> _TASK DIRECTIONS_
Below is a listing; restate from it, character for character, the lines beginning at the line holding "Lemma conj_rmorph_fix b" and ending at the line holding "Proof. by move=> a b; apply: add_end_ext", both included.

> _RECORDS SUPPLIED_
──────────
(* Let $f: A \to B$ be a ring homomorphism; view right $B$-modules as right $A$-modules by restriction of scalars along $f$. Then $f$ is a ring epimorphism if and only if both of the following hold: (a) for all finitely generated right $B$-modules $M, N$ one has $\mathrm{Hom}_A(M,N) = \mathrm{Hom}_B(M,N)$ (i.e. every $A$-linear map $M \to N$ is $B$-linear); (b) for every right $B$-module $L$ and every $A$-linear map $\psi: B \to L$, the image $\mathrm{Im}\,\psi$ is contained in a finitely generated $B$-submodule of $L$.
   Context: All rings are unital. A ring homomorphism $\varphi: R \to S$ is a ring epimorphism if for any two ring homomorphisms $\varrho_1, \varrho_2: S \to T$ with $\varrho_1\varphi = \varrho_2\varphi$ one has $\varrho_1 = \varrho_2$. *)

From HB Require Import structures.
From mathcomp Require Import all_boot all_order all_algebra.
Set Implicit Arguments. Unset Strict Implicit. Unset Printing Implicit Defensive.
Import GRing.Theory.
Local Open Scope ring_scope.

(* Rings are unital, possibly noncommutative (pzRingType).
   A right B-module is a left module over the converse ring B^c:
   the right action m.b is written  (b : B^c) *: m . *)

Definition ring_epi (A B : pzRingType) (f : {rmorphism A -> B}) : Prop :=
  forall (T : pzRingType) (r1 r2 : {rmorphism B -> T}),
    (forall a : A, r1 (f a) = r2 (f a)) -> forall b : B, r1 b = r2 b.

Definition A_linear (A B : pzRingType) (f : {rmorphism A -> B})
    (M N : lmodType (B^c)) (g : M -> N) : Prop :=
  (forall x y : M, g (x + y) = g x + g y) /\
  (forall (a : A) (m : M), g ((f a : B^c) *: m) = (f a : B^c) *: g m).

Definition B_linear (B : pzRingType) (M N : lmodType (B^c)) (g : M -> N) : Prop :=
  (forall x y : M, g (x + y) = g x + g y) /\
  (forall (b : B^c) (m : M), g (b *: m) = b *: g m).

Definition in_span (B : pzRingType) (M : lmodType (B^c)) (n : nat)
    (v : 'I_n -> M) (x : M) : Prop :=
  exists c : 'I_n -> B^c, x = \sum_(i < n) c i *: v i.

Definition fin_gen (B : pzRingType) (M : lmodType (B^c)) : Prop :=
  exists (n : nat) (v : 'I_n -> M), forall x : M, in_span v x.

From HB Require Import structures.
From mathcomp Require Import all_boot all_order all_algebra.
From mathcomp Require Import boolp.
Set Implicit Arguments. Unset Strict Implicit. Unset Printing Implicit Defensive.
Import GRing.Theory.
Local Open Scope ring_scope.

(* Forward direction: for an additive g : M -> N the shear
   (m, n) |-> (m, n + g m) is an invertible additive endomorphism of M x N,
   and it commutes with the action of b on M x N exactly when
   g (m b) = g (m) b.  Conjugating the action morphism B -> End(M x N) by the
   shear gives a second ring morphism, which agrees with the first on f(A)
   when g is A-linear, hence everywhere when f is an epimorphism.
   Condition (b) follows since a B-linear map out of B has image generated by
   the image of 1.
   Converse: given r1, r2 : B -> T agreeing on f(A), make T a right B-module
   through r2.  Then r1 is A-linear, so by (b) it lands in a finitely generated
   submodule, and by (a) it is B-linear: r1 b = r1 1 * r2 b = r2 b. *)

Section AdditiveEndomorphisms.
Variable V : zmodType.

Record add_end := AddEnd {
  add_end_fun :> V -> V;
  _ : `[< {morph add_end_fun : x y / x + y} >]
}.

HB.instance Definition _ := [isSub for add_end_fun].
HB.instance Definition _ := gen_eqMixin add_end.
HB.instance Definition _ := gen_choiceMixin add_end.

Definition add_end_of (h : V -> V) (hD : {morph h : x y / x + y}) :=
  AddEnd (asboolT hD).

Lemma add_endD (h : add_end) : {morph h : x y / x + y}.
Proof. by case: h => h /= /asboolP. Qed.

Lemma add_end_ext (h1 h2 : add_end) : h1 =1 h2 -> h1 = h2.
Proof. by move=> eq_h; apply/val_inj/funext. Qed.

Definition end0 := @add_end_of (fun=> 0) (fun _ _ => esym (addr0 0)).
Definition end1 := @add_end_of id (fun _ _ => erefl).
Definition end_add (h1 h2 : add_end) :=
  @add_end_of (fun x => h1 x + h2 x)
    (fun x y => ltac:(by rewrite /= !add_endD addrACA)).
Definition end_opp (h : add_end) :=
  @add_end_of (fun x => - h x) (fun x y => ltac:(by rewrite /= add_endD opprD)).
(* Composition in diagram order, so that a right B-module is a ring morphism
   from B into this ring. *)
Definition end_mul (h1 h2 : add_end) :=
  @add_end_of (h2 \o h1) (fun x y => ltac:(by rewrite /= !add_endD)).

Lemma end_addA : associative end_add.
Proof. by move=> *; apply: add_end_ext => x /=; rewrite addrA. Qed.
Lemma end_addC : commutative end_add.
Proof. by move=> *; apply: add_end_ext => x /=; rewrite addrC. Qed.
Lemma end_add0 : left_id end0 end_add.
Proof. by move=> *; apply: add_end_ext => x /=; rewrite add0r. Qed.
Lemma end_addN : left_inverse end0 end_opp end_add.
Proof. by move=> *; apply: add_end_ext => x /=; rewrite addNr. Qed.
HB.instance Definition _ :=
  GRing.isZmodule.Build add_end end_addA end_addC end_add0 end_addN.

Lemma end_mulA : associative end_mul.
Proof. by move=> *; apply: add_end_ext. Qed.
Lemma end_mul1 : left_id end1 end_mul.
Proof. by move=> *; apply: add_end_ext. Qed.
Lemma end_mulr1 : right_id end1 end_mul.
Proof. by move=> *; apply: add_end_ext. Qed.
Lemma end_mulDl : left_distributive end_mul end_add.
Proof. by move=> h1 h2 h3; apply: add_end_ext => x /=; rewrite add_endD. Qed.
Lemma end_mulDr : right_distributive end_mul end_add.
Proof. by move=> *; apply: add_end_ext. Qed.
HB.instance Definition _ := GRing.Zmodule_isPzRing.Build add_end
  end_mulA end_mul1 end_mulr1 end_mulDl end_mulDr.

Lemma add_endBE (h1 h2 : add_end) x : (h1 - h2) x = h1 x - h2 x.
Proof. by []. Qed.
Lemma add_endME (h1 h2 : add_end) x : (h1 * h2) x = h2 (h1 x).
Proof. by []. Qed.
Lemma add_end1E x : (1 : add_end) x = x.
Proof. by []. Qed.

End AdditiveEndomorphisms.

Section ConjugateMorphism.
Variables (B T : pzRingType) (phi : {rmorphism B -> T}) (u u' : T).
Hypotheses (uK : u * u' = 1) (u'K : u' * u = 1).

Definition conj_rmorph (b : B) := u' * phi b * u.

Lemma conj_rmorph_is_zmod_morphism : zmod_morphism conj_rmorph.
Proof. by move=> x y; rewrite /conj_rmorph rmorphB mulrBr mulrBl. Qed.

Lemma conj_rmorph_is_monoid_morphism : monoid_morphism conj_rmorph.
Proof.
split=> [|x y]; first by rewrite /conj_rmorph rmorph1 mulr1.
by rewrite /conj_rmorph rmorphM -!mulrA (mulrA u) uK mul1r.
Qed.

HB.instance Definition _ :=
  GRing.isZmodMorphism.Build B T conj_rmorph conj_rmorph_is_zmod_morphism.
HB.instance Definition _ :=
  GRing.isMonoidMorphism.Build B T conj_rmorph conj_rmorph_is_monoid_morphism.

Lemma conj_rmorph_fix b : conj_rmorph b = phi b <-> GRing.comm u (phi b).
Proof.
rewrite /GRing.comm /conj_rmorph; split=> [bE|ub].
  by rewrite -{1}bE !mulrA uK mul1r.
by rewrite -mulrA -ub mulrA u'K mul1r.
Qed.

Lemma ring_epi_comm (A : pzRingType) (f : {rmorphism A -> B}) :
  ring_epi f -> (forall a, GRing.comm u (phi (f a))) ->
  forall b, GRing.comm u (phi b).
Proof.
move=> epi comm_fA b; apply/conj_rmorph_fix/esym.
by apply: epi => a; apply/esym/conj_rmorph_fix.
Qed.

End ConjugateMorphism.

Section ScaleEndomorphism.
Variables (B : pzRingType) (W : lmodType B^c).

Definition scale_end (b : B) : add_end W :=
  @add_end_of _ (fun w => (b : B^c) *: w) (@scalerDr _ W (b : B^c)).

Lemma scale_end_is_zmod_morphism : zmod_morphism scale_end.
Proof. by move=> a b; apply: add_end_ext => w; rewrite add_endBE /= scalerBl. Qed.

Lemma scale_end_is_monoid_morphism : monoid_morphism scale_end.
Proof.
split=> [|a b]; apply: add_end_ext => w.
  by rewrite add_end1E /= scale1r.
by rewrite add_endME /= scalerA.
Qed.

HB.instance Definition _ := GRing.isZmodMorphism.Build B (add_end W)
  scale_end scale_end_is_zmod_morphism.
HB.instance Definition _ := GRing.isMonoidMorphism.Build B (add_end W)
  scale_end scale_end_is_monoid_morphism.

End ScaleEndomorphism.

Section Shear.
Variables (B : pzRingType) (M N : lmodType B^c) (g : M -> N).
Hypothesis gD : {morph g : x y / x + y}.

Definition shear_fun (c : int) (p : (M * N)%type) : (M * N)%type :=
  (p.1, p.2 + g p.1 *~ c).

Lemma shear_funD c : {morph shear_fun c : p q / p + q}.
Proof.
by move=> [m n] [m' n']; rewrite /shear_fun /= gD mulrzDl addrACA.
Qed.

Definition shear c : add_end (M * N)%type := add_end_of (shear_funD c).

Lemma shearD c d : shear c * shear d = shear (c + d).
Proof.
apply: add_end_ext => -[m n]; rewrite add_endME /= /shear_fun /=.
by rewrite mulrzDr addrA.
Qed.

Lemma shear0 : shear 0 = 1.
Proof. by apply: add_end_ext => -[m n]; rewrite /= /shear_fun /= mulr0z addr0. Qed.

Lemma comm_shear_scale b :
  GRing.comm (shear 1) (scale_end (M * N)%type b) <->
  forall m, g ((b : B^c) *: m) = (b : B^c) *: g m.
Proof.
rewrite /GRing.comm; split=> [comm_b m | gZ].
  have /(congr1 (fun h : add_end (M * N)%type => (h (m, 0)).2)) := comm_b.
  by rewrite !add_endME /= /shear_fun /= scaler0 !add0r => ->.
apply: add_end_ext => -[m n]; rewrite !add_endME /= /shear_fun /=.
by rewrite !mulr1z gZ -scalerDr.
Qed.

End Shear.

Lemma ring_epi_linear (A B : pzRingType) (f : {rmorphism A -> B})
    (M N : lmodType B^c) (g : M -> N) :
  ring_epi f -> A_linear f g -> B_linear g.
Proof.
move=> epi [gD gA]; split=> // b m.
have shearK : shear gD 1 * shear gD (-1) = 1 by rewrite shearD subrr shear0.
have shearKV : shear gD (-1) * shear gD 1 = 1 by rewrite shearD addNr shear0.
apply/(comm_shear_scale gD b): m.
by apply: (ring_epi_comm shearK shearKV epi) => a; apply/comm_shear_scale.
Qed.

Section Span.
Variables (B : pzRingType) (L : lmodType B^c) (n : nat) (v : 'I_n -> L).

Definition span_mem : {pred L} := fun x => `[< in_span v x >].

Lemma span_memP x : reflect (in_span v x) (x \in span_mem).
Proof. exact: asboolP. Qed.

Lemma span_submod_closed : submod_closed span_mem.
Proof.
split=> [|b x y /span_memP[c ->] /span_memP[d ->]]; apply/span_memP.
  by exists (fun=> 0); rewrite big1 // => i _; rewrite scale0r.
exists (fun i => b * c i + d i); rewrite scaler_sumr -big_split.
by apply: eq_bigr => i _; rewrite scalerA scalerDl.
Qed.

HB.instance Definition _ :=
  GRing.isSubmodClosed.Build _ L span_mem span_submod_closed.

Record span_submod := SpanSubmod {
  span_submod_val :> L;
  _ : span_submod_val \in span_mem
}.

HB.instance Definition _ := [isSub for span_submod_val].
HB.instance Definition _ := [Choice of span_submod by <:].
HB.instance Definition _ := [SubChoice_isSubLmodule of span_submod by <:].

Definition span_elem x (xS : in_span v x) := SpanSubmod (introT (span_memP x) xS).

Lemma in_span_gen i : in_span v (v i).
Proof.
exists (fun j => (j == i)%:R); rewrite (bigD1 i) //= eqxx scale1r big1 ?addr0 //.
by move=> j /negbTE ->; rewrite scale0r.
Qed.

Lemma span_submod_fin_gen : fin_gen span_submod.
Proof.
exists n, (fun i => span_elem (in_span_gen i)).
case=> x xS; have /span_memP[c xE] := xS; exists c; apply: val_inj.
rewrite /= xE -[RHS]/(val _) linear_sum.
by apply: eq_bigr => i _; rewrite linearZ.
Qed.

End Span.

Section RestrictionOfScalars.
Variables (B T : pzRingType).

(* The unused argument only keys the canonical right B-module structure below. *)
Definition rmod_via (_ : {rmorphism B -> T}) : Type := T.

Variable r : {rmorphism B -> T}.

HB.instance Definition _ := GRing.Zmodule.copy (rmod_via r) T.

Definition scale_via (b : B^c) (t : rmod_via r) : rmod_via r := (t : T) * r b.

Lemma scale_viaA a b t : scale_via a (scale_via b t) = scale_via (a * b) t.
Proof. by rewrite /scale_via -mulrA -rmorphM. Qed.
Lemma scale_via1 : left_id 1 scale_via.
Proof. by move=> t; rewrite /scale_via rmorph1 mulr1. Qed.
Lemma scale_viaDr : right_distributive scale_via +%R.
Proof. by move=> a s t; rewrite /scale_via mulrDl. Qed.
Lemma scale_viaDl t : {morph scale_via^~ t : a b / a + b}.
Proof. by move=> a b; rewrite /scale_via rmorphD mulrDr. Qed.

HB.instance Definition _ := GRing.Zmodule_isLmodule.Build B^c (rmod_via r)
  scale_viaA scale_via1 scale_viaDr scale_viaDl.

Lemma scale_viaE (b : B^c) (t : rmod_via r) : b *: t = (t : T) * r b.
Proof. by []. Qed.

End RestrictionOfScalars.

Lemma regular_fin_gen (B : pzRingType) : fin_gen (B^c)^o.
Proof.
exists 1%N, (fun=> 1) => x; exists (fun=> x).
by rewrite big_ord1 [_ *: _]mulr1.
Qed.

Lemma regular_linearE (B : pzRingType) (L : lmodType B^c) (h : (B^c)^o -> L) :
  B_linear h -> forall b : B, h b = (b : B^c) *: h 1.
Proof. by move=> [_ hZ] b; rewrite -hZ [_ *: _]mulr1. Qed.

Theorem theorem8 (A B : pzRingType) (f : {rmorphism A -> B}) :
  ring_epi f <->
  ((forall M N : lmodType (B^c), fin_gen M -> fin_gen N ->
      forall g : M -> N, A_linear f g -> B_linear g) /\
   (forall (L : lmodType (B^c)) (psi : (B^c)^o -> L),
      A_linear (M := (B^c)^o) f psi ->
      exists (n : nat) (v : 'I_n -> L), forall b : B, in_span v (psi b))).
Proof.
split=> [epi | [fg_linear fg_image] T r1 r2 r12 b].
  split=> [M N _ _ g | L psi /(ring_epi_linear epi) /regular_linearE psiE].
    exact: ring_epi_linear.
  by exists 1%N, (fun=> psi 1) => b; exists (fun=> b); rewrite big_ord1 psiE.
pose psi (b : (B^c)^o) : rmod_via r2 := r1 b.
have psiA : A_linear f psi.
  split=> [x y | a x]; rewrite /psi ?rmorphD //.
  by rewrite scale_viaE -r12 -rmorphM.
have [n [v psi_span]] := fg_image _ psi psiA.
pose g (b : (B^c)^o) := span_elem (psi_span b).
have gA : A_linear f g.
  by case: psiA => psiD psiZ; split=> *; apply: val_inj; rewrite /= ?psiD ?psiZ.
have gE := regular_linearE
  (fg_linear _ _ (regular_fin_gen B) (span_submod_fin_gen v) g gA).
have /= psiE := congr1 val (gE b).
by rewrite -[r1 b]/(psi b) psiE scale_viaE /psi rmorph1 mul1r.
Qed.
──────────
> _EXERCISE ANSWER_
Lemma conj_rmorph_fix b : conj_rmorph b = phi b <-> GRing.comm u (phi b).
Proof.
rewrite /GRing.comm /conj_rmorph; split=> [bE|ub].
  by rewrite -{1}bE !mulrA uK mul1r.
by rewrite -mulrA -ub mulrA u'K mul1r.
Qed.

Lemma ring_epi_comm (A : pzRingType) (f : {rmorphism A -> B}) :
  ring_epi f -> (forall a, GRing.comm u (phi (f a))) ->
  forall b, GRing.comm u (phi b).
Proof.
move=> epi comm_fA b; apply/conj_rmorph_fix/esym.
by apply: epi => a; apply/esym/conj_rmorph_fix.
Qed.

End ConjugateMorphism.

Section ScaleEndomorphism.
Variables (B : pzRingType) (W : lmodType B^c).

Definition scale_end (b : B) : add_end W :=
  @add_end_of _ (fun w => (b : B^c) *: w) (@scalerDr _ W (b : B^c)).

Lemma scale_end_is_zmod_morphism : zmod_morphism scale_end.
Proof. by move=> a b; apply: add_end_ext => w; rewrite add_endBE /= scalerBl. Qed.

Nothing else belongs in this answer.